▶ PROBLEM DETAILS:
Look for the line that has "Prop) (E : tagset)" in the material below; please repeat it and every line after it, exactly, up to and including the line that has "mD3a u v a u'", and nothing else.

▶ RECORDS FOR THIS TASK:
(* Let $L=\langle S,A,\to\rangle$ be a labelled transition system. For all $x,y\in\{o,b\}$ and all states $s,t\in S$, we have $s \mathrel{\underline{\leftrightarrow}}_{(x,y)} t$ (i.e. $s$ and $t$ are $(x,y)$-generic bisimilar) if and only if $s \equiv_{E(x,y)} t$ (i.e. Duplicator wins the $E(x,y)$-generic bisimulation game from $\langle (s,t),\dagger,\dagger,*\rangle_S$).
   Context: A labelled transition system (LTS) is $L=\langle S,A,\to\rangle$ with $S$ a set of states, $A$ a set of actions containing a special internal action $\tau$, and $\to\subseteq S\times A\times S$; write $s\xrightarrow{a}t$ for $(s,a,t)\in\to$. Let $\twoheadrightarrow$ be the reflexive-transitive closure of $\xrightarrow{\tau}$. Generic bisimulation. For $R\subseteq S\times S$ and $s,s',t\in S$: $s\twoheadrightarrow_{o,R,t}s'$ iff $s\twoheadrightarrow s'$; $s\twoheadrightarrow_{b,R,t}s'$ iff $s\twoheadrightarrow s'$, $t\,R\,s$ and $t\,R\,s'$. For $x,y\in\{o,b\}$, a symmetric relation $R\subseteq S\times S$ is an $(x,y)$-generic bisimulation if whenever $s\,R\,t$ and $s\xrightarrow{a}s'$, either (i) $a=\tau$ and $s'\,R\,t$, or (ii) there exist $t',t_1,t_2$ with $t\twoheadrightarrow_{x,R,s}t_1\xrightarrow{a}t_2\twoheadrightarrow_{y,R,s'}t'$ and $s'\,R\,t'$. Write $s\mathrel{\underline{\leftrightarrow}}_{(x,y)}t$ iff some $(x,y)$-generic bisimulation relates $s$ and $t$. Generic bisimulation game. Let $\frown,\smile$ be two formal tags and $E\subseteq\{\frown,\smile\}$. The $E$-generic bisimulation game on $L$ is played by Spoiler and Duplicator on Spoiler-owned configurations $\langle (s,t),c,m,r\rangle_S$ and Duplicator-owned configurations $\langle (s,t),c,m,r\rangle_D$, where $(s,t)\in S\times S$, $c\in (A\times S)\cup\{\dagger\}$ (challenge), $m\in (S\times\{\frown,\smile\})\cup\{\dagger\}$ (partial match), $r\in\{*,\checkmark\}$ (reward). From $\langle (s,t),c,m,r\rangle_S$ Spoiler may: (S1) move to $\langle (s,t),c,m,*\rangle_D$ if $c\neq\dagger$; (S2a) for some $s\xrightarrow{a}s'$, move to $\langle (s,t),(a,s'),(t,\frown),*\rangle_D$ if $c=\dagger$; (S2b) for some $s\xrightarrow{a}s'$, move to $\langle (s,t),(a,s'),(t,\frown),\checkmark\rangle_D$ if $c\neq (a,s')$; (S3) for some $t\xrightarrow{a}t'$, move to $\langle (t,s),(a,t'),(s,\frown),\checkmark\rangle_D$. From $\langle (u,v),(a,u'),(\bar v,f),r\rangle_D$ Duplicator may: (D1) move to $\langle (u',\bar v),\dagger,\dagger,\checkmark\rangle_S$ if $a=\tau$; (D2) if $f=\frown$ and $\bar v\xrightarrow{a}v'$: (a) move to $\langle (u',v'),(a,u'),(v',\smile),*\rangle_S$, or (b) move to $\langle (u',v'),\dagger,\dagger,\checkmark\rangle_S$, or (c) only if $\smile\in E$, move to $\langle (u,v),(a,u'),(v',\smile),*\rangle_S$; (D3) for some $\bar v\xrightarrow{\tau}v'$: (a) move to $\langle (u,v'),(a,u'),(v',f),*\rangle_S$, or (b) only if $f=\smile$, move to $\langle (u',v'),\dagger,\dagger,\checkmark\rangle_S$, or (c) only if $f\in E$, move to $\langle (u,v),(a,u'),(v',f),*\rangle_S$. Duplicator wins a finite play if Spoiler gets stuck, and an infinite play if it contains infinitely many configurations with reward $\checkmark$; all other plays are won by Spoiler. A player wins a configuration if she has a strategy that wins all plays starting in it. Write $s\equiv_E t$ iff Duplicator wins $\langle (s,t),\dagger,\dagger,*\rangle_S$. $E(x,y)$ is the smallest set such that $\frown\in E(o,y)$ and $\smile\in E(x,o)$ for all $x,y\in\{o,b\}$; thus $E(b,b)=\emptyset$, $E(o,b)=\{\frown\}$, $E(b,o)=\{\smile\}$, $E(o,o)=\{\frown,\smile\}$. *)

From Stdlib Require Import List.
Set Implicit Arguments.

Inductive tau_star {St Act : Type} (tau : Act) (tr : St -> Act -> St -> Prop)
  : St -> St -> Prop :=
| ts_refl s : tau_star tau tr s s
| ts_step s s1 s' : tr s tau s1 -> tau_star tau tr s1 s' -> tau_star tau tr s s'.

Inductive Mode := O | B.

Definition gstep {St Act : Type} (tau : Act) (tr : St -> Act -> St -> Prop)
  (x : Mode) (R : St -> St -> Prop) (t s s' : St) : Prop :=
  match x with
  | O => tau_star tau tr s s'
  | B => tau_star tau tr s s' /\ R t s /\ R t s'
  end.

Definition generic_bisim {St Act : Type} (tau : Act) (tr : St -> Act -> St -> Prop)
  (x y : Mode) (R : St -> St -> Prop) : Prop :=
  (forall s t, R s t -> R t s) /\
  (forall s t a s', R s t -> tr s a s' ->
     (a = tau /\ R s' t) \/
     (exists t' t1 t2, gstep tau tr x R s t t1 /\ tr t1 a t2 /\
                       gstep tau tr y R s' t2 t' /\ R s' t')).

Definition generic_bisimilar {St Act : Type} (tau : Act) (tr : St -> Act -> St -> Prop)
  (x y : Mode) (s t : St) : Prop :=
  exists R, generic_bisim tau tr x y R /\ R s t.

Inductive Tag := Frown | Smile.

Definition tagset := Tag -> bool.

Definition Exy (x y : Mode) : tagset :=
  fun f => match f with
           | Frown => match x with O => true | B => false end
           | Smile => match y with O => true | B => false end
           end.

Inductive Player := Spoiler | Duplicator.

(** Configurations ⟨(s,t), c, m, r⟩_P.  [None] encodes †; the reward
    [true] encodes ✓ and [false] encodes *. *)
Record config (St Act : Type) := Cfg {
  cpos : St * St;
  cch : option (Act * St);
  cm : option (St * Tag);
  ccheck : bool;
  cown : Player }.
Arguments Cfg {St Act}.

Inductive move {St Act : Type} (tau : Act) (tr : St -> Act -> St -> Prop) (E : tagset)
  : config St Act -> config St Act -> Prop :=
| mS1 s t c m r : c <> None ->
    move tau tr E (Cfg (s,t) c m r Spoiler) (Cfg (s,t) c m false Duplicator)
| mS2a s t m r a s' : tr s a s' ->
    move tau tr E (Cfg (s,t) None m r Spoiler)
         (Cfg (s,t) (Some (a,s')) (Some (t,Frown)) false Duplicator)
| mS2b s t c m r a s' : tr s a s' -> c <> Some (a,s') ->
    move tau tr E (Cfg (s,t) c m r Spoiler)
         (Cfg (s,t) (Some (a,s')) (Some (t,Frown)) true Duplicator)
| mS3 s t c m r a t' : tr t a t' ->
    move tau tr E (Cfg (s,t) c m r Spoiler)
         (Cfg (t,s) (Some (a,t')) (Some (s,Frown)) true Duplicator)
| mD1 u v a u' vb f r : a = tau ->
    move tau tr E (Cfg (u,v) (Some (a,u')) (Some (vb,f)) r Duplicator)
         (Cfg (u',vb) None None true Spoiler)
| mD2a u v a u' vb f r v' : f = Frown -> tr vb a v' ->
    move tau tr E (Cfg (u,v) (Some (a,u')) (Some (vb,f)) r Duplicator)
         (Cfg (u',v') (Some (a,u')) (Some (v',Smile)) false Spoiler)
| mD2b u v a u' vb f r v' : f = Frown -> tr vb a v' ->
    move tau tr E (Cfg (u,v) (Some (a,u')) (Some (vb,f)) r Duplicator)
         (Cfg (u',v') None None true Spoiler)
| mD2c u v a u' vb f r v' : f = Frown -> tr vb a v' -> E Smile = true ->
    move tau tr E (Cfg (u,v) (Some (a,u')) (Some (vb,f)) r Duplicator)
         (Cfg (u,v) (Some (a,u')) (Some (v',Smile)) false Spoiler)
| mD3a u v a u' vb f r v' : tr vb tau v' ->
    move tau tr E (Cfg (u,v) (Some (a,u')) (Some (vb,f)) r Duplicator)
         (Cfg (u,v') (Some (a,u')) (Some (v',f)) false Spoiler)
| mD3b u v a u' vb f r v' : tr vb tau v' -> f = Smile ->
    move tau tr E (Cfg (u,v) (Some (a,u')) (Some (vb,f)) r Duplicator)
         (Cfg (u',v') None None true Spoiler)
| mD3c u v a u' vb f r v' : tr vb tau v' -> E f = true ->
    move tau tr E (Cfg (u,v) (Some (a,u')) (Some (vb,f)) r Duplicator)
         (Cfg (u,v) (Some (a,u')) (Some (v',f)) false Spoiler).

(** A (history-dependent, deterministic) Duplicator strategy: given the
    history of previous configurations (oldest first) and the current
    configuration, it chooses the next configuration. *)
Definition strategy (St Act : Type) :=
  list (config St Act) -> config St Act -> config St Act.

Definition hist {C : Type} (p : nat -> C) (i : nat) : list C :=
  map p (seq 0 i).

Definition consistent_prefix {St Act : Type} (tau : Act) (tr : St -> Act -> St -> Prop)
  (E : tagset) (sigma : strategy St Act) (p : nat -> config St Act) (n : nat) : Prop :=
  forall i, i < n ->
    move tau tr E (p i) (p (S i)) /\
    (cown (p i) = Duplicator -> p (S i) = sigma (hist p i) (p i)).

Definition legal_strategy {St Act : Type} (tau : Act) (tr : St -> Act -> St -> Prop)
  (E : tagset) (sigma : strategy St Act) (c0 : config St Act) : Prop :=
  forall p n, p 0 = c0 -> consistent_prefix tau tr E sigma p n ->
    cown (p n) = Duplicator -> move tau tr E (p n) (sigma (hist p n) (p n)).

(** Length of a play: finite ending at index n, or infinite. *)
Inductive plen := Fin (n : nat) | Inf.

Definition is_play {St Act : Type} (tau : Act) (tr : St -> Act -> St -> Prop)
  (E : tagset) (sigma : strategy St Act) (c0 : config St Act)
  (p : nat -> config St Act) (len : plen) : Prop :=
  p 0 = c0 /\
  match len with
  | Fin n => consistent_prefix tau tr E sigma p n /\
             (forall d, ~ move tau tr E (p n) d)
  | Inf => forall n, consistent_prefix tau tr E sigma p n
  end.

Definition dup_wins_play {St Act : Type} (p : nat -> config St Act) (len : plen) : Prop :=
  match len with
  | Fin n => cown (p n) = Spoiler
  | Inf => forall N, exists i, N <= i /\ ccheck (p i) = true
  end.

Definition dup_wins {St Act : Type} (tau : Act) (tr : St -> Act -> St -> Prop)
  (E : tagset) (c0 : config St Act) : Prop :=
  exists sigma : strategy St Act,
    legal_strategy tau tr E sigma c0 /\
    forall p len, is_play tau tr E sigma c0 p len -> dup_wins_play p len.

Definition game_equiv {St Act : Type} (tau : Act) (tr : St -> Act -> St -> Prop)
  (E : tagset) (s t : St) : Prop :=
  dup_wins tau tr E (Cfg (s,t) None None false Spoiler).

From Stdlib Require Import List Arith Lia Classical ClassicalEpsilon.
Import ListNotations.
Set Implicit Arguments.

(* Both directions go through semi-branching bisimulations, where a tau-step may
   also be answered by a tau-path.  The largest one is closed under stuttering,
   hence is itself an (x,y)-generic bisimulation.

   On the game side, rewards ✓ come from fresh challenges (S2b, S3) and from
   resets (D1, D2b, D3b).  So a Duplicator configuration is won iff Duplicator,
   facing a Spoiler who insists on the pending challenge with (S1), can force a
   reset through won configurations; conversely, every set of configurations
   closed under Spoiler moves, from which Duplicator can always force such a
   reset, is won by the strategy that minimises the number of rounds to reset.

   Soundness: the positions Duplicator passes through while answering a
   challenge from a won configuration form a semi-branching bisimulation.
   Completeness: Duplicator follows the matching path of the bisimulation; E(x,y)
   contains exactly the tags needed to stay put in mode o (D2c, D3c), and in
   mode b (D3a) stuttering keeps the moving position related. *)

Section TauPaths.
Context {St Act : Type} {tau : Act} {tr : St -> Act -> St -> Prop}.
Notation ts := (tau_star tau tr).

Lemma tau_star_one {s s'} : tr s tau s' -> ts s s'.
Proof. intro H. eapply ts_step; [exact H | apply ts_refl]. Qed.

Lemma tau_star_trans s1 s2 s3 : ts s1 s2 -> ts s2 s3 -> ts s1 s3.
Proof. induction 1; intros; [assumption | eapply ts_step; eauto]. Qed.

Lemma tau_star_snoc {s1 s2 s3} : ts s1 s2 -> tr s2 tau s3 -> ts s1 s3.
Proof. intros H12 H23. exact (tau_star_trans H12 (tau_star_one H23)). Qed.

Lemma tau_star_last {s s'} : ts s s' -> s = s' \/ exists s1, ts s s1 /\ tr s1 tau s'.
Proof.
  induction 1 as [s | s s1 s' H1 _ [<- | [s2 [H12 H2]]]]; [now left | right ..].
  - exists s. split; [apply ts_refl | exact H1].
  - exists s2. split; [eapply ts_step; eauto | exact H2].
Qed.

Lemma gstep_iff x (R : St -> St -> Prop) t s s' :
  gstep tau tr x R t s s' <-> ts s s' /\ (x = B -> R t s /\ R t s').
Proof. destruct x; simpl; intuition discriminate. Qed.

Lemma gstep_mono {x} {R R' : St -> St -> Prop} {t s s'} :
  (forall p q, R p q -> R' p q) -> gstep tau tr x R t s s' -> gstep tau tr x R' t s s'.
Proof. rewrite !gstep_iff. firstorder. Qed.

Lemma gstep_tau_star_l x (R : St -> St -> Prop) t q s s' :
  R t q -> ts q s -> gstep tau tr x R t s s' -> gstep tau tr x R t q s'.
Proof. rewrite !gstep_iff. intros Htq Hqs [Hss' HB]. split; [eapply tau_star_trans; eauto | firstorder]. Qed.

End TauPaths.

Section SemiBranching.
Context {St Act : Type} (tau : Act) (tr : St -> Act -> St -> Prop).
Notation ts := (tau_star tau tr).
Variables x y : Mode.

Definition semi_match (R : St -> St -> Prop) (s t : St) (a : Act) (s' : St) : Prop :=
  (a = tau /\ exists t', ts t t' /\ R s t' /\ R s' t') \/
  (exists t' t1 t2, gstep tau tr x R s t t1 /\ tr t1 a t2 /\
                    gstep tau tr y R s' t2 t' /\ R s' t').

Definition semi_bisim (R : St -> St -> Prop) : Prop :=
  (forall s t, R s t -> R t s) /\
  (forall s t a s', R s t -> tr s a s' -> semi_match R s t a s').

Definition semi_bisimilar (s t : St) : Prop := exists R, semi_bisim R /\ R s t.

Notation sb := semi_bisimilar.

Lemma semi_match_mono {R R' : St -> St -> Prop} {s t a s'} :
  (forall p q, R p q -> R' p q) -> semi_match R s t a s' -> semi_match R' s t a s'.
Proof.
  intros HR [[Ha [t' [H1 [H2 H3]]]] | [t' [t1 [t2 [H1 [H2 [H3 H4]]]]]]].
  - left. split; [exact Ha |]. exists t'. auto.
  - right. exists t', t1, t2. repeat split; eauto using gstep_mono.
Qed.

▶ ANSWER TO THIS EXERCISE:
Inductive move {St Act : Type} (tau : Act) (tr : St -> Act -> St -> Prop) (E : tagset)
  : config St Act -> config St Act -> Prop :=
| mS1 s t c m r : c <> None ->
    move tau tr E (Cfg (s,t) c m r Spoiler) (Cfg (s,t) c m false Duplicator)
| mS2a s t m r a s' : tr s a s' ->
    move tau tr E (Cfg (s,t) None m r Spoiler)
         (Cfg (s,t) (Some (a,s')) (Some (t,Frown)) false Duplicator)
| mS2b s t c m r a s' : tr s a s' -> c <> Some (a,s') ->
    move tau tr E (Cfg (s,t) c m r Spoiler)
         (Cfg (s,t) (Some (a,s')) (Some (t,Frown)) true Duplicator)
| mS3 s t c m r a t' : tr t a t' ->
    move tau tr E (Cfg (s,t) c m r Spoiler)
         (Cfg (t,s) (Some (a,t')) (Some (s,Frown)) true Duplicator)
| mD1 u v a u' vb f r : a = tau ->
    move tau tr E (Cfg (u,v) (Some (a,u')) (Some (vb,f)) r Duplicator)
         (Cfg (u',vb) None None true Spoiler)
| mD2a u v a u' vb f r v' : f = Frown -> tr vb a v' ->
    move tau tr E (Cfg (u,v) (Some (a,u')) (Some (vb,f)) r Duplicator)
         (Cfg (u',v') (Some (a,u')) (Some (v',Smile)) false Spoiler)
| mD2b u v a u' vb f r v' : f = Frown -> tr vb a v' ->
    move tau tr E (Cfg (u,v) (Some (a,u')) (Some (vb,f)) r Duplicator)
         (Cfg (u',v') None None true Spoiler)
| mD2c u v a u' vb f r v' : f = Frown -> tr vb a v' -> E Smile = true ->
    move tau tr E (Cfg (u,v) (Some (a,u')) (Some (vb,f)) r Duplicator)
         (Cfg (u,v) (Some (a,u')) (Some (v',Smile)) false Spoiler)
| mD3a u v a u' vb f r v' : tr vb tau v' ->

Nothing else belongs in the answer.